The author’s publisher, Penguin Random House Canada, confirmed on its website Munro died Monday evening at her home in Port Hope, Ontario. A cause of death was not revealed, though the author had been in frail health since undergoing heart surgery in 2001.
Kristin Cochrane, the chief executive of Penguin Random House Canada, paid tribute to Munro in a statement published on the website. “Alice Munro is a national treasure — a writer of enormous depth, empathy, and humanity whose work is read, admired, and cherished by readers throughout Canada and around the world,” Cochrane said.
The statement continued: “Alice’s writing inspired countless writers too, and her work leaves an indelible mark on our literary landscape. All of us at Penguin Random House Canada mourn this loss and we join together with our colleagues at Penguin Random House in the U.S., the U.K., and globally in appreciation for all that Alice Munro has left behind.”
Considered by many to be the finest short fiction writer of her generation, Munro was awarded the Nobel Prize in literature in 2013, only months after publishing a collection of stories that she said would be her last. She had already received the Man Booker International Prize, the National Book Critics Circle Award in the United States and every top literary prize offered in her native Canada, including its most prestigious, the Governor General’s Award.
Alice Munro, who won the Nobel Prize in Literature on Thursday, lives a quiet life in a small town in Ontario, Canada.

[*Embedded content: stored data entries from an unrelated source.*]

Theorem higman (f : nat -> seq T) : exists i j, i < j /\ subseq (f i) (f j).
Proof.
apply: NNPP => good_f.
have /minimal_bad_sequence[g bad_g g_min] : bad f.
  by move=> i j ij; apply/negP => fij; apply: good_f; exists i, j.
have g_nil n : g n != [::].
  by apply: contraNneq (bad_g n n.+1 (ltnSn n)) => ->; apply: sub0seq.
have [a /infinitely_often_subsequence[phi phi_inc phi_a]] :=
  finite_infinitely_often (fun n => ohead (g n)).
have [x g_phi] : exists x, forall k, g (phi k) = x :: behead (g (phi k)).
  case: a phi_a => [x|] phi_a; last by move: (g_nil (phi 0)) (phi_a 0); case: (g _).
  by exists x => k; move: (g_nil (phi k)) (phi_a k); case: (g _) => //= y s _ /eqP[->].
have phi0_le k : phi 0 <= phi k by case: k => // k; apply/ltnW/phi_inc.
(* g' agrees with g below phi 0 and continues with the tails of the g (phi k):
   it is bad, but g' (phi 0) is shorter than g (phi 0). *)
pose g' n := if n < phi 0 then g n else behead (g (phi (n - phi 0))).
suff bad_g' : bad g'.
  have g'_g i : i < phi 0 -> g' i = g i by rewrite /g' => ->.
  by have := g_min _ _ bad_g' g'_g; rewrite /g' ltnn subnn (g_phi 0) /= ltnn.
move=> i j ij; rewrite /g'; case: (ltnP j (phi 0)) => jlt.
  by rewrite (ltn_trans ij jlt); apply: bad_g.
case: (ltnP i (phi 0)) => ilt.
  apply: contraNN (bad_g i (phi (j - phi 0)) (leq_trans ilt (phi0_le _))).
  by move/subseq_trans; apply; rewrite -drop1 drop_subseq.
have ij' : i - phi 0 < j - phi 0 by lia.
apply: contraNN (bad_g _ _ (phi_inc _ _ ij')).
by rewrite [g (phi (i - _))]g_phi [g (phi (j - _))]g_phi /= eqxx.
Qed.
End Higman.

“Alice Munro is our Chekhov, and is going to outlast most of her contemporaries,” author Cynthia Ozick said some years ago, comparing her to Russia’s 19th century master of the short story. Reviewers often linked the two writers’ names, partly because both had mastered a subtle peeling back of layers to reveal their characters.
Munro wrote about country folk who knew how to gut a turkey, breed foxes and sell medicine door to door, but also knew about unreliable love, family violence and failed attempts at social climbing. Her stories unfold, often in the fictional towns of Jubilee or Hanratty, with a direct simplicity paired with painstaking craftsmanship. She made no secret of the dozens of drafts it took her to complete a story.
“She’s become a virtuoso,” author John Updike, the literary critic for the New Yorker, said in a 2001 interview with the Montreal Gazette. “She manages to get into people’s skin without seeming to dive in, without being ostentatious.”
Several of Munro’s collections were made of linked stories where characters leap across years or decades before the last page. In “Lives of Girls and Women” (1971), she identified some of her favorite kind of women. They were “dull, simple, amazing and unfathomable — deep caves paved with kitchen linoleum.”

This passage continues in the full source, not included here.